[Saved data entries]
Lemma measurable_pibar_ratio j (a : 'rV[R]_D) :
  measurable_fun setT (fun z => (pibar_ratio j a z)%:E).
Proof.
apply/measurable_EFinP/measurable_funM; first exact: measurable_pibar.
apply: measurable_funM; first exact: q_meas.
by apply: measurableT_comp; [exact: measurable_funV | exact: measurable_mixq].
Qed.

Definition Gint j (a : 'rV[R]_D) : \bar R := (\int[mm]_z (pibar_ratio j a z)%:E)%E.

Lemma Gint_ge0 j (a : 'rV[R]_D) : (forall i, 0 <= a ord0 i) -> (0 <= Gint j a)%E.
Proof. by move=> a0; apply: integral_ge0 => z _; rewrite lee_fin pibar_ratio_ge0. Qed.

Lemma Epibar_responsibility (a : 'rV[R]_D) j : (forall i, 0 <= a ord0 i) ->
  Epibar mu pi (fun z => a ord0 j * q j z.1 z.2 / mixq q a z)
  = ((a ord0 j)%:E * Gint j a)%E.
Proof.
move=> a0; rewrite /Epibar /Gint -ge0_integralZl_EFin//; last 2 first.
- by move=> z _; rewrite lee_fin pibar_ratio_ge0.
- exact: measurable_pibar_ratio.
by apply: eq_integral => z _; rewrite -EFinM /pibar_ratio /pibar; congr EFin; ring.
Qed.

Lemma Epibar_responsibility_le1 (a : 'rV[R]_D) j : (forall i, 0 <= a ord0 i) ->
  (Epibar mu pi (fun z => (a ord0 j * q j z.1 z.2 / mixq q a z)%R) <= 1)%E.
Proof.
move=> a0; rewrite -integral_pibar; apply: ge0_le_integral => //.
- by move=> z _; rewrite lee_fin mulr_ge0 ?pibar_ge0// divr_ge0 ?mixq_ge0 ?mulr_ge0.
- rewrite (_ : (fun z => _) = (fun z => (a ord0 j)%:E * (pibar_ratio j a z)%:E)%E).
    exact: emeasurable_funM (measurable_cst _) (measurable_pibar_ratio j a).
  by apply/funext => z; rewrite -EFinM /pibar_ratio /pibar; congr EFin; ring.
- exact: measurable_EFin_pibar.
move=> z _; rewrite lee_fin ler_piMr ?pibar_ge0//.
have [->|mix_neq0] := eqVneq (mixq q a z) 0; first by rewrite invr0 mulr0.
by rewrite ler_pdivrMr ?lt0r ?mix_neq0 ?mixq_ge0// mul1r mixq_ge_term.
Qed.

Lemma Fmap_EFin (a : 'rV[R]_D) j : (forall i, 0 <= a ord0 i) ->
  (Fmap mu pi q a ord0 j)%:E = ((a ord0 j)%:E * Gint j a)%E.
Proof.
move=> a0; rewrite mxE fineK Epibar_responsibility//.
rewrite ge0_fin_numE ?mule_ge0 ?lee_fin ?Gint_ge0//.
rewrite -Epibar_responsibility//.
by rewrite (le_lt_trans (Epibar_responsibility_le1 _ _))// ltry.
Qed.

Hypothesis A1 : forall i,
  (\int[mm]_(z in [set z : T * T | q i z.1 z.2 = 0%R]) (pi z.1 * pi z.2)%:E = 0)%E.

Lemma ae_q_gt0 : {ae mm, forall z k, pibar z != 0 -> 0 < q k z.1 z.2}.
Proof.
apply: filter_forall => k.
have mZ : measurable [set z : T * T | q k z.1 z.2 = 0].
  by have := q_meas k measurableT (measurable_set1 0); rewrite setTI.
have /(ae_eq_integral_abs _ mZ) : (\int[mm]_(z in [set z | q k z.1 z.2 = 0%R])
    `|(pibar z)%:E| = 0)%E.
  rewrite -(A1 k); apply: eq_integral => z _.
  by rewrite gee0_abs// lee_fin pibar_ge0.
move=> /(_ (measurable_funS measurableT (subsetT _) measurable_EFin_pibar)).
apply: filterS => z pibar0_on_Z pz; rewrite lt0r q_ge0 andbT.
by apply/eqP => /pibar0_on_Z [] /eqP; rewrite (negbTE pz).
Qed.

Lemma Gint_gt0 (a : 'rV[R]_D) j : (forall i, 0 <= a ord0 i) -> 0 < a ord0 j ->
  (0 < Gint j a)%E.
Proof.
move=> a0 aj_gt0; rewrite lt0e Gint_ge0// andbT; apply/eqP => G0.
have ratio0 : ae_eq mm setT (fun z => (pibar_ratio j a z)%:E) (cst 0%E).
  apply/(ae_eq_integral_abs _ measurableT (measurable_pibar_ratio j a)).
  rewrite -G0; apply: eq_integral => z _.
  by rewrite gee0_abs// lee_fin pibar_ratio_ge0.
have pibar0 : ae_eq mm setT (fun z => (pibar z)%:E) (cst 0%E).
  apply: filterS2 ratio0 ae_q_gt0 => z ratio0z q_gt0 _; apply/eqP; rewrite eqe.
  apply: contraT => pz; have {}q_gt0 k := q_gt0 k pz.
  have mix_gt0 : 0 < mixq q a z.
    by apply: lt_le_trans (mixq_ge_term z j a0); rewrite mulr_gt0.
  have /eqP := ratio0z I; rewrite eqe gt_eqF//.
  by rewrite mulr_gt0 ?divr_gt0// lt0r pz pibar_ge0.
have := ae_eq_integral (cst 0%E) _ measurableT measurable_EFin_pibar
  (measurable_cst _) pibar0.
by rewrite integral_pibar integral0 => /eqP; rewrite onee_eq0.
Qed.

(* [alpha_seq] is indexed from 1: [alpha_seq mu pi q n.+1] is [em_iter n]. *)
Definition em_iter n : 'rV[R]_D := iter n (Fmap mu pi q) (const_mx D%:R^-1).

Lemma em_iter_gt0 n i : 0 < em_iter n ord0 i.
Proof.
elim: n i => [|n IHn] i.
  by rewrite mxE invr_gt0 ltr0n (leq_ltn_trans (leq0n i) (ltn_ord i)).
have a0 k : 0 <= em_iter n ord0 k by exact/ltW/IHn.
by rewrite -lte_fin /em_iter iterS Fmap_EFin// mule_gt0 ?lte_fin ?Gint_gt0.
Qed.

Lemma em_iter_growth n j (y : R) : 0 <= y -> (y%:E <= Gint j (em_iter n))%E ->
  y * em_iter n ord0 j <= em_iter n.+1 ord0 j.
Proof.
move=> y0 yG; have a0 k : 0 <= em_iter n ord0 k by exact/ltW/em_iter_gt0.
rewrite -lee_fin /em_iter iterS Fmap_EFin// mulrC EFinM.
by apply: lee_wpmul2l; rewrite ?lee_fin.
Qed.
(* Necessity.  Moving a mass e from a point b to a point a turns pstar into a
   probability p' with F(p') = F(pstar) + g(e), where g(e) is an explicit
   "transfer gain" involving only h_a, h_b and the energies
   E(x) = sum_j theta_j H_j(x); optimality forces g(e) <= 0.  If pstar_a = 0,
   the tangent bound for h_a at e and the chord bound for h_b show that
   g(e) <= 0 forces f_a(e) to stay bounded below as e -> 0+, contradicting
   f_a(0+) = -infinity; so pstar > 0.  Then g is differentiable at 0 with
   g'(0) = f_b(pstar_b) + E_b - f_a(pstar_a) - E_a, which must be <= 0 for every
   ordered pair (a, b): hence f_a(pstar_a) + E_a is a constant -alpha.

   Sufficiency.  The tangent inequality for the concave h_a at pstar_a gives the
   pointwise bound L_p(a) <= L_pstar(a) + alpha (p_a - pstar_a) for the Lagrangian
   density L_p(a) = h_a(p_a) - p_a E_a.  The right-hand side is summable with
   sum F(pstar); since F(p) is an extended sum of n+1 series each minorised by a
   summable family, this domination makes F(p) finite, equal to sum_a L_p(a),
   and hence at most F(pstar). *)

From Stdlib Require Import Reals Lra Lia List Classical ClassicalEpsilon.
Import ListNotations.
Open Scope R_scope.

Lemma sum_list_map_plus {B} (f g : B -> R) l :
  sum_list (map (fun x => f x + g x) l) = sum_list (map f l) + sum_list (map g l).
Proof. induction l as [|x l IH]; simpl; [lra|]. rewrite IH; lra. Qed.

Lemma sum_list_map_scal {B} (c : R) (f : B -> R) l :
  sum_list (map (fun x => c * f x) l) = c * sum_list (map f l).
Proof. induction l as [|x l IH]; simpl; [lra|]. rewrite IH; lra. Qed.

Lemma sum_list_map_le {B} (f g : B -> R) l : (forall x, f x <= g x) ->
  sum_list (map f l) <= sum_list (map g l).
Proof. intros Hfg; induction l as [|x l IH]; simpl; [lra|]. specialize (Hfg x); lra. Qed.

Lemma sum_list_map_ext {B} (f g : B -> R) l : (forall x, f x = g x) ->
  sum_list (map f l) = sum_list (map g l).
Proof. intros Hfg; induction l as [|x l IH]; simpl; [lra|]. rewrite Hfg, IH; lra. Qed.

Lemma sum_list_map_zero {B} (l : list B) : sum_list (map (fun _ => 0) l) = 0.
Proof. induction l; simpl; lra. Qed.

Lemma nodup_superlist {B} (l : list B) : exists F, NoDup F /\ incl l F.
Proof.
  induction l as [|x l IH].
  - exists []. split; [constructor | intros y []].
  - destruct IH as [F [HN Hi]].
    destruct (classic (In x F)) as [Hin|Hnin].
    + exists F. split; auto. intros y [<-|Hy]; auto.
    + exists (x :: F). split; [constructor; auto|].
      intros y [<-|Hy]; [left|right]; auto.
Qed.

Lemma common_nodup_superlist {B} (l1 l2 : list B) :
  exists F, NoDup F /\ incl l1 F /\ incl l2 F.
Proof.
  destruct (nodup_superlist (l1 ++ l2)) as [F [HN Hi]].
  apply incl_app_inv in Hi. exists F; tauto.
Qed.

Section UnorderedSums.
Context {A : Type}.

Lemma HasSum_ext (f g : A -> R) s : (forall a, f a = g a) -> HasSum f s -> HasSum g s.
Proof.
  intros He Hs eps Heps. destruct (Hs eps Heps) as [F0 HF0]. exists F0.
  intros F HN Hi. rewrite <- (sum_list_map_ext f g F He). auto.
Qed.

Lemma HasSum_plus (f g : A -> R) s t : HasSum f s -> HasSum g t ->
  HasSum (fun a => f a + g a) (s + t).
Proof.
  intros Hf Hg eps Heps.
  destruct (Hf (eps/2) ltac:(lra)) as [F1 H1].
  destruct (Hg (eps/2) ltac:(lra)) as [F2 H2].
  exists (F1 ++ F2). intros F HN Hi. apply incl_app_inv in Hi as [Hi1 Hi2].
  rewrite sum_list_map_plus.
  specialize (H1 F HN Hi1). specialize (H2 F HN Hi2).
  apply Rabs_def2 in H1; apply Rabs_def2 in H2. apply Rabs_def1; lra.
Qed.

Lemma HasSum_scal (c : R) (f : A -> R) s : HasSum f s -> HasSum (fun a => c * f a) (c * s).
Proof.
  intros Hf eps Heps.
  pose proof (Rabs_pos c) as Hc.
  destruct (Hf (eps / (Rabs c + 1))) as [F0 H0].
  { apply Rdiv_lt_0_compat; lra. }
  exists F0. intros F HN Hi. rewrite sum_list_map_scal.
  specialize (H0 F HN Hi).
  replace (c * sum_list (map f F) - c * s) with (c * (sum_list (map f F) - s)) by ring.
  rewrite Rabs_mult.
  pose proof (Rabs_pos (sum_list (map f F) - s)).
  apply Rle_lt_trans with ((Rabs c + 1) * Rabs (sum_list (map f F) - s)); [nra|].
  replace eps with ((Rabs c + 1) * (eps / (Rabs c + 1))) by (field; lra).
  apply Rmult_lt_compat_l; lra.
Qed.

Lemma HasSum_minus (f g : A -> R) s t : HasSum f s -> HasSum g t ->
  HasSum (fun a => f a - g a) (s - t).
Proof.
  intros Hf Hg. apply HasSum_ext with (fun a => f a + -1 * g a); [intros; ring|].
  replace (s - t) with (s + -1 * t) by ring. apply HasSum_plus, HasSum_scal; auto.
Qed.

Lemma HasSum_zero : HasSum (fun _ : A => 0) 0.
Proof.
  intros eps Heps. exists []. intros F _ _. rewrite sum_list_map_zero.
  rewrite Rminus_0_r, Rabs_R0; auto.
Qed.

=== WHAT YOU NEED TO DO ===
Starting at the line above that contains "g'(0) = f_b(pstar_b)", repeat each line exactly up to and including the line that contains "and hence at most F(pstar). *)", and stop there.

=== ANSWER SPACE ===
   g'(0) = f_b(pstar_b) + E_b - f_a(pstar_a) - E_a, which must be <= 0 for every
   ordered pair (a, b): hence f_a(pstar_a) + E_a is a constant -alpha.

   Sufficiency.  The tangent inequality for the concave h_a at pstar_a gives the
   pointwise bound L_p(a) <= L_pstar(a) + alpha (p_a - pstar_a) for the Lagrangian
   density L_p(a) = h_a(p_a) - p_a E_a.  The right-hand side is summable with
   sum F(pstar); since F(p) is an extended sum of n+1 series each minorised by a
   summable family, this domination makes F(p) finite, equal to sum_a L_p(a),
   and hence at most F(pstar). *)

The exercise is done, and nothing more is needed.